Miyamura drops by to aid in Hori’s recovery. He says he’s leaving shortly to get her a drink, but she’s so out of it that her memory emotionally triggers the experience of being alone too much as a child while her mom went to work to feed the family.
We learn a little more concretely that dad is no longer in the picture not due to death, but probably because of a breakup. Living as a child with a single parent causes one to grow up much faster than anticipated. It can be lonely. It’s mentally straining only relying on yourself.
Hori pulls back Miyamura. She asks where he’s going. He replies with the words she really means: Please don’t go. Then he nonchalantly tells her that he’s been in love with her for a while.
And then it’s time for anime self-sabotage. That’s right. It’s harboring feelings time.
Hori wonders whether their relationship will stay stronger for longer if they don’t reveal their feelings to each other. This mentality reveals crucial information to help us understand her better.
Coming from a single parent home has made Hori’s survival mentality default to self reliance. She’s afraid to love him openly because she’s afraid to rely on him. What if he leaves?
Now, before even contemplating whether she should pretend he never said “I love you” to begin with, Miyamura actually says “I’m not going anywhere.”
We must realize though. It doesn’t matter what he says. It matters what she tells herself and whether she can trust herself enough to let him in and prove that he can keep his word. Hori is reaching to give him the benefit of the doubt, but it’s almost too far of a stretch. Only time will tell whether she’s capable of being vulnerable with Miyamura.
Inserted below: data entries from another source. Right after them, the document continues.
(* Let $\rho\in(0,1)$. For any $z\in\mathbb C$ with $|z|\le\rho$, $$\big|1-\exp(\mathrm i\phi(1+z))+\mathrm i\,\Im(z)\big|\le\frac{2-\rho}{(1-\rho)^2}|z|^2.$$
   Context: For $u\in\mathbb C$, $\exp(\mathrm i\phi(u))=u/|u|$ if $u\neq0$ (and $1$ if $u=0$). *)

From mathcomp Require Import all_boot all_order all_algebra.
From mathcomp Require Import complex.
From mathcomp Require Import reals.
Set Implicit Arguments. Unset Strict Implicit. Unset Printing Implicit Defensive.
Import Order.TTheory GRing.Theory Num.Theory.
Local Open Scope ring_scope.
Local Open Scope complex_scope.

(* exp(i phi(u)) : the unit phase factor u/|u| (and 1 if u = 0). *)
Definition expiphi (R : rcfType) (u : R[i]) : R[i] :=
  if u == 0 then 1 else u / `|u|.

From mathcomp Require Import all_boot all_order all_algebra.
From mathcomp Require Import complex.
From mathcomp Require Import reals.
From mathcomp Require Import ring lra.
Import Order.TTheory GRing.Theory Num.Theory.
Local Open Scope ring_scope.
Local Open Scope complex_scope.

(* Write 1 + z = x + i y and r = |1 + z|.  Then
     1 - (1 + z) / r + i y = ((r - x) + i y (r - 1)) / r,
   and both parts of the numerator are O(|z|^2): r - x = y^2 / (r + x) with
   r + x >= 2 (1 - rho), and |y| |r - 1| <= |z|^2 by the reverse triangle
   inequality.  Dividing by r >= 1 - rho =: c bounds the defect by
   (1 / (2 c) + 1) |z|^2 / c <= (1 + c) |z|^2 / c^2, and 1 + c = 2 - rho. *)

Lemma defect_ratio_le (R : realFieldType) (c s r d e : R) :
  0 < c -> s <= 1 - c -> 1 - s <= r -> 0 <= d -> d * (2 * c) <= s ^+ 2 ->
  e <= s ^+ 2 -> (d + e) / r <= (1 + c) / c ^+ 2 * s ^+ 2.
Proof.
move=> c0 s_le r_ge d0 hd he; have r0 : 0 < r by lra.
set k := s ^+ 2 / c.
have d_le : d <= k by rewrite ler_pdivlMr //; nra.
have -> : (1 + c) / c ^+ 2 * s ^+ 2 = (k + s ^+ 2) / c.
  by rewrite /k; field; rewrite gt_eqF.
have : (k + s ^+ 2) / c * c <= (k + s ^+ 2) / c * r.
  by apply: ler_wpM2l; [rewrite /k !(divr_ge0, addr_ge0, sqr_ge0, ltW c0) | lra].
rewrite divfK ?gt_eqF // ler_pdivrMr //; lra.
Qed.

Section PhaseDefect.
Context {R : rcfType}.

Local Notation hypot x y := (Num.sqrt (x ^+ 2 + y ^+ 2)).

Lemma normC_real (x : R) : `|x%:C| = `|x|%:C :> R[i].
Proof. by rewrite normc_def /= expr0n /= addr0 sqrtr_sqr. Qed.

Lemma normC_i : `|'i| = 1 :> R[i].
Proof. by rewrite normc_def /= expr0n /= add0r expr1n sqrtr1. Qed.

Lemma normC_complex (x y : R) : `|x +i* y| = (hypot x y)%:C.
Proof. by rewrite normc_def. Qed.

Lemma normC_Re_Im_le (u v : R) : `|u%:C + 'i * v%:C| <= (`|u| + `|v|)%:C.
Proof.
apply: le_trans (ler_normD _ _) _.
by rewrite normrM normC_i mul1r !normC_real rmorphD.
Qed.

Lemma normr_le_hypot (x y : R) : `|x| <= hypot x y.
Proof. by rewrite -sqrtr_sqr ler_wsqrtr // lerDl sqr_ge0. Qed.

Lemma hypot_gt0 (x y : R) : (0 < hypot x y) = (x +i* y != 0).
Proof.
rewrite lt_def sqrtr_ge0 andbT -[_ +i* _ == 0]normr_eq0 normC_complex.
by rewrite -(inj_eq (@complexI R)).
Qed.

Lemma hypot_subrMaddr (x y : R) : (hypot x y - x) * (hypot x y + x) = y ^+ 2.
Proof.
by rewrite -subr_sqr sqr_sqrtr ?addr_ge0 ?sqr_ge0 // addrAC subrr add0r.
Qed.

Lemma dist_hypot_add1_le (a b : R) : `|hypot (1 + a) b - 1| <= hypot a b.
Proof.
rewrite -lecR -normC_real rmorphB /= -(normC_complex a).
have -> : a +i* b = (1 + a) +i* b - 1 by simpc; rewrite addrAC subrr add0r.
by have := ler_dist_dist ((1 + a) +i* b) 1; rewrite normr1 normC_complex.
Qed.

Lemma phase_defect_le (x y : R) : x +i* y != 0 ->
  `|1 - expiphi (x +i* y) + 'i * y%:C|
    <= ((hypot x y - x + `|y| * `|hypot x y - 1|) / hypot x y)%:C.
Proof.
move=> w0; have n0 : 0 < hypot x y by rewrite hypot_gt0.
set n := hypot x y in n0 *.
have nC0 : n%:C != 0 by rewrite (inj_eq (@complexI R)) gt_eqF.
have -> : 1 - expiphi (x +i* y) + 'i * y%:C
    = ((n - x)%:C + 'i * (y * (n - 1))%:C) / n%:C.
  rewrite /expiphi (negbTE w0) normC_complex -/n.
  have -> : x +i* y = x%:C + 'i * y%:C by simpc.
  by rewrite !(rmorphB, rmorphM) /= rmorph1; field.
rewrite normrM normfV normC_real (gtr0_norm n0).
rewrite [in X in _ <= X]rmorphM /= fmorphV.
apply: ler_wpM2r; first by rewrite invr_ge0 ler0c ltW.
apply: le_trans (normC_Re_Im_le (n - x) (y * (n - 1))) _.
have x_le_n : x <= n := le_trans (ler_norm x) (normr_le_hypot x y).
by rewrite lecR normrM lerD2r ger0_norm ?subr_ge0.
Qed.

Lemma phase_defect_bound (a b c : R) : 0 < c -> hypot a b <= 1 - c ->
  (hypot (1 + a) b - (1 + a) + `|b| * `|hypot (1 + a) b - 1|) / hypot (1 + a) b
    <= (1 + c) / c ^+ 2 * hypot a b ^+ 2.
Proof.
move=> c0 s_le; set r := hypot (1 + a) b; set s := hypot a b in s_le *.
have r_near1 : `|r - 1| <= s := dist_hypot_add1_le a b.
have r_ge : 1 - s <= r by move: r_near1; rewrite ler_distl => /andP[].
have : `|a| <= s := normr_le_hypot a b.
rewrite ler_norml => /andP[a_ge _].
have b_le : `|b| <= s by rewrite /s addrC normr_le_hypot.
have s2 : s ^+ 2 = a ^+ 2 + b ^+ 2 by rewrite sqr_sqrtr ?addr_ge0 ?sqr_ge0.
have a_le_r : 1 + a <= r := le_trans (ler_norm _) (normr_le_hypot _ _).
apply: defect_ratio_le => //.
- by rewrite subr_ge0.
- apply: (@le_trans _ _ (b ^+ 2)); last by rewrite s2 lerDr sqr_ge0.
  rewrite -(hypot_subrMaddr (1 + a) b) -/r.
  by apply: ler_wpM2l; [rewrite subr_ge0 | lra].
- by rewrite expr2 ler_pM.
Qed.

End PhaseDefect.

Theorem lemma17 (R : realType) (rho : R) (hrho0 : 0 < rho) (hrho1 : rho < 1)
  (z : R[i]) (hz : `|z| <= rho%:C) :
  `|1 - expiphi (1 + z) + 'i * (complex.Im z)%:C|
    <= ((2 - rho) / (1 - rho) ^+ 2)%:C * `|z| ^+ 2.
Proof.
case: z hz => a b /=; rewrite normC_complex lecR => s_le.
have w0 : (1 + a) +i* b != 0.
  rewrite -hypot_gt0; have := dist_hypot_add1_le a b.
  by rewrite ler_distl => /andP[r_ge _]; lra.
have -> : 1 + a +i* b = (1 + a) +i* b by simpc.
have -> : 2 - rho = 1 + (1 - rho) by ring.
apply: le_trans (phase_defect_le _ _ w0) _.
rewrite -rmorphXn -rmorphM lecR.
by apply: phase_defect_bound; lra.
Qed.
It’s funny. Vulnerability comes easily to Miyamura. We get that scene where Hori asks him to take off his shirt. She almost expects or wants him to be embarrassed. He’s not.
We all express vulnerability in different ways, but Miyamura isn’t vulnerable in the same way Hori is. Hori is afraid to disappoint herself. Miyamura isn’t. This is what makes their relationship so unique. Miyamura knows who he is as a person. He has nothing to lose. Neither does Hori though. She just hasn’t realized it yet.
She thinks she needs to keep building a reputation that will allow society to accept her. She’s on the student council. She’s popular. She has a status quo to maintain. But sadly, it doesn’t seem like she’s accepted herself. Let’s hope she does soon.